▶ **Task instructions**:
Go through the listing that follows and report the number of lines with the string "eqVneq" in them, nothing more.

Segment Open

(* The union is disjoint: two lines through [x] share no point other than [x]. *)
Lemma card_bigcup_pencil x (A : {set Ln}) (F : Ln -> {set Pt}) :
  (forall M, M \in A -> inc x M) ->
  (forall M q, M \in A -> q \in F M -> inc q M && (q != x)) ->
  #|\bigcup_(M in A) F M| = \sum_(M in A) #|F M|.
Proof.
move=> xA FA; apply: card_bigcup_disjoint => M M' MA M'A MM'.
rewrite -setI_eq0; apply/set0Pn => -[q /setIP [qM qM']].
have /andP [qM1 qx] := FA M q MA qM; have /andP [qM'1 _] := FA M' q M'A qM'.
by move: MM'; rewrite (line_unique qx qM1 (xA M MA) qM'1 (xA M' M'A)) eqxx.
Qed.

Lemma card_collinear_on_line x M : ~~ inc x M ->
  #|[set q | inc q M & collinear x q]| = alpha.
Proof.
move=> xM; set A := [set N | inc x N & [exists q, inc q N && inc q M]].
have -> : [set q | inc q M & collinear x q] =
          \bigcup_(N in A) [set q | inc q N & inc q M].
  apply/setP => q; rewrite inE; apply/andP/bigcupP.
    case=> qM /existsP [N /andP [xN qN]]; exists N; last by rewrite inE qN.
    by rewrite inE xN; apply/existsP; exists q; rewrite qN.
  case=> N; rewrite !inE => /andP [xN _] /andP [qN qM].
  by split=> //; exact: (inc_collinear xN qN).
have xA N : N \in A -> inc x N by rewrite inE => /andP [].
rewrite (card_bigcup_pencil xA); last first.
  move=> N q _; rewrite inE => /andP [qN qM]; rewrite qN.
  by apply: contraNneq xM => <-.
rewrite -(card_lines_meeting xM) -sum1_card; apply: eq_bigr => N.
rewrite inE => /andP [xN /existsP [q /andP [qN qM]]]; apply: (@eq_card1 _ q) => r.
rewrite !inE; apply/andP/eqP => [[rN rM]|-> //].
apply/eqP; apply: contraNT xM => rq.
by rewrite -(line_unique rq rN qN rM qM).
Qed.

Lemma card_noncollinear_on_line x M : ~~ inc x M ->
  #|[set q | inc q M & ~~ collinear x q]| = s.+1 - alpha.
Proof.
move=> xM; rewrite -(card_line M).
rewrite -(cardsID [set q | collinear x q] [set q | inc q M]).
have -> : #|[set q | inc q M] :&: [set q | collinear x q]| = alpha.
  by rewrite -(card_collinear_on_line xM); apply: eq_card => q; rewrite !inE.
by rewrite addKn; apply: eq_card => q; rewrite !inE andbC.
Qed.

Lemma leq_alpha_line_size x M : ~~ inc x M -> alpha <= s.+1.
Proof.
move=> xM; rewrite -(card_collinear_on_line xM) -(card_line M).
by apply: subset_leq_card; apply/subsetP => q; rewrite !inE => /andP [].
Qed.

Lemma card_points_gt2 (p : Pt) : 2 <= s -> 2 < #|Pt|.
Proof.
move=> s2; have [L _] := exists_line p.
by rewrite (leq_trans _ (max_card [set q | inc q L])) // card_line.
Qed.

Definition far (x : Pt) : {set Pt} := [set z | ~~ collinear x z].

Lemma card_neighbours x : #|[set z | adj x z]| = s * t.+1.
Proof.
have -> : [set z | adj x z] = \bigcup_(L in [set L | inc x L]) ([set p | inc p L] :\ x).
  apply/setP => z; rewrite inE; apply/andP/bigcupP.
    case=> xz /existsP [L /andP [xL zL]].
    by exists L; rewrite !inE ?xL // zL eq_sym xz.
  case=> L; rewrite !inE => xL /andP [zx zL].
  by split; [rewrite eq_sym | exact: (inc_collinear xL zL)].
have xA L : L \in [set L | inc x L] -> inc x L by rewrite inE.
rewrite (card_bigcup_pencil xA); last by move=> L q _; rewrite !inE andbC.
rewrite -[t.+1](card_pencil x) mulnC -sum_nat_const; apply: eq_bigr => L /xA xL.
by have := cardsD1 x [set p | inc p L]; rewrite card_line inE xL => -[].
Qed.

Lemma card_common_neighbours x y : ~~ collinear x y ->
  #|[set z | adj x z && adj y z]| = alpha * t.+1.
Proof.
move=> nxy.
have -> : [set z | adj x z && adj y z] =
          \bigcup_(M in [set M | inc y M]) [set q | inc q M & collinear x q].
  apply/setP => z; rewrite inE !pg_adjE; apply/idP/bigcupP.
    case/andP=> /andP [_ xz] /andP [_ /existsP [M /andP [yM zM]]].
    by exists M; rewrite !inE ?yM // zM xz.
  case=> M; rewrite !inE => yM /andP [zM xz].
  rewrite xz (inc_collinear yM zM) !andbT.
  apply/andP; split; first by apply: contraTneq zM => <-; apply: noncollinear_line nxy yM.
  by apply: contraNneq nxy => ->.
have yA M : M \in [set M | inc y M] -> inc y M by rewrite inE.
rewrite (card_bigcup_pencil yA); last first.
  move=> M q _; rewrite inE => /andP [-> xq] /=.
  by apply: contraNneq nxy => <-.
rewrite -[t.+1](card_pencil y) mulnC -sum_nat_const; apply: eq_bigr => M /yA yM.
exact/card_collinear_on_line/(noncollinear_line nxy yM).
Qed.

Lemma leq_card_far_neighbours x y : adj x y ->
  t * (s.+1 - alpha) <= #|[set z in far x | adj y z]|.
Proof.
case/andP=> xy /existsP [L /andP [xL yL]].
set A := [set M | inc y M] :\ L.
have yA M : M \in A -> inc y M by case/setD1P; rewrite inE.
have xA M : M \in A -> ~~ inc x M.
  case/setD1P=> ML; rewrite inE => yM; apply: contra ML => xM.
  by rewrite (line_unique xy xM yM xL yL).
have cardA : #|A| = t.
  by have := cardsD1 L [set M | inc y M]; rewrite card_pencil inE yL => -[].
apply: (@leq_trans #|\bigcup_(M in A) [set q | inc q M & ~~ collinear x q]|).
  rewrite (card_bigcup_pencil yA); last first.
    move=> M q _; rewrite inE => /andP [-> xq] /=.
    by apply: contraNneq xq => ->; exact: (inc_collinear xL yL).
  rewrite -cardA -sum_nat_const; apply/eq_leq/eq_bigr => M /xA xM.
  by rewrite card_noncollinear_on_line.
apply/subset_leq_card/subsetP => z /bigcupP [M /yA yM].
rewrite !inE => /andP [zM xz]; rewrite xz pg_adjE (inc_collinear yM zM) andbT.
by apply: contraNneq xz => <-; exact: (inc_collinear xL yL).
Qed.

Lemma card_points_split x : #|Pt| = (s * t.+1 + #|far x|).+1.
Proof.
rewrite -cardsT (cardsD1 x) in_setT.
rewrite -(cardsID [set z | collinear x z] (_ :\ x)).
rewrite -(card_neighbours x) add1n; congr (_ + _).+1; apply: eq_card => z.
  by rewrite !inE pg_adjE andbT eq_sym.
by rewrite !inE andbT andb_idr // => /noncollinear_neq; rewrite eq_sym.
Qed.

Lemma leq_card_points (x : Pt) :
  alpha <= s.+1 -> s.+1 * (s * t + alpha) <= alpha * #|Pt|.
Proof.
move=> alpha_le.
set N := [set z | adj x z].
have lower :
    #|N| * (t * (s.+1 - alpha)) <= \sum_(y in N) #|[set z in far x | adj y z]|.
  rewrite -sum_nat_const; apply: leq_sum => y; rewrite inE.
  exact: leq_card_far_neighbours.
have upper :
    \sum_(z in far x) #|[set y in N | adj y z]| <= #|far x| * (alpha * t.+1).
  rewrite -sum_nat_const; apply: leq_sum => z; rewrite inE => xz.
  rewrite -(card_common_neighbours xz); apply/subset_leq_card/subsetP => y.
  by rewrite !inE [adj z y]pg_adjC.
have := leq_trans lower (leq_trans (eq_leq (double_count _ _ _)) upper).
rewrite card_neighbours (card_points_split x); move: #|far x| => f bound.
have {}bound : s * t * (s.+1 - alpha) <= f * alpha.
  by rewrite -(leq_pmul2r (ltn0Sn t)); nia.
nia.
Qed.

Lemma leq_card_points_far2 x y : ~~ collinear x y ->
  #|Pt| + alpha * t.+1 <= #|far x :&: far y| + 2 + 2 * (s * t.+1).
Proof.
move=> nxy; set Nx := [set z | adj x z]; set Ny := [set z | adj y z].
have cover : [set: Pt] \subset (far x :&: far y) :|: [set x; y] :|: (Nx :|: Ny).
  apply/subsetP => z _; rewrite !inE !pg_adjE.
  have [->|_] := eqVneq z x; first by rewrite /= !orbT.
  have [->|_] := eqVneq z y; first by rewrite /= !orbT.
  by case: (collinear x z); case: (collinear y z).
have cardN : #|Nx :|: Ny| + alpha * t.+1 = 2 * (s * t.+1).
  rewrite -(card_common_neighbours nxy) mul2n -addnn -{1}(card_neighbours x).
  rewrite -(card_neighbours y) -(cardsUI Nx Ny).
  by congr (_ + _); apply: eq_card => z; rewrite !inE.
rewrite -cardsT -cardN addnA leq_add2r.
apply: (leq_trans (subset_leq_card cover)); apply: (leq_trans (leq_card_setU _ _).1).
rewrite leq_add2r; apply: (leq_trans (leq_card_setU _ _).1).
by rewrite cards2 leq_add2l; case: (x != y).
Qed.

Lemma leq_card_lines_avoiding w x y : adj x w -> adj y w -> ~~ collinear x y ->
  #|[set M | [&& inc w M, ~~ inc x M & ~~ inc y M]]| <= t.-1.
Proof.
case/andP=> _ /existsP [Lx /andP [xLx wLx]].
case/andP=> _ /existsP [Ly /andP [yLy wLy]] nxy.
have LxLy : Lx != Ly.
  by apply: contraNneq nxy => LxE; rewrite LxE in xLx; exact: (inc_collinear xLx yLy).
have := cardsD1 Lx [set M | inc w M]; rewrite card_pencil inE wLx add1n => -[->].
rewrite (cardsD1 Ly (_ :\ Lx)) !inE [Ly == Lx]eq_sym LxLy wLy add1n /=.
apply/subset_leq_card/subsetP => M; rewrite !inE => /and3P [wM xM yM].
rewrite wM andbT; apply/andP; split.
  by apply: contraNneq yM => ->.
by apply: contraNneq xM => ->.
Qed.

Segment Closed

▶ **Written solution**:
2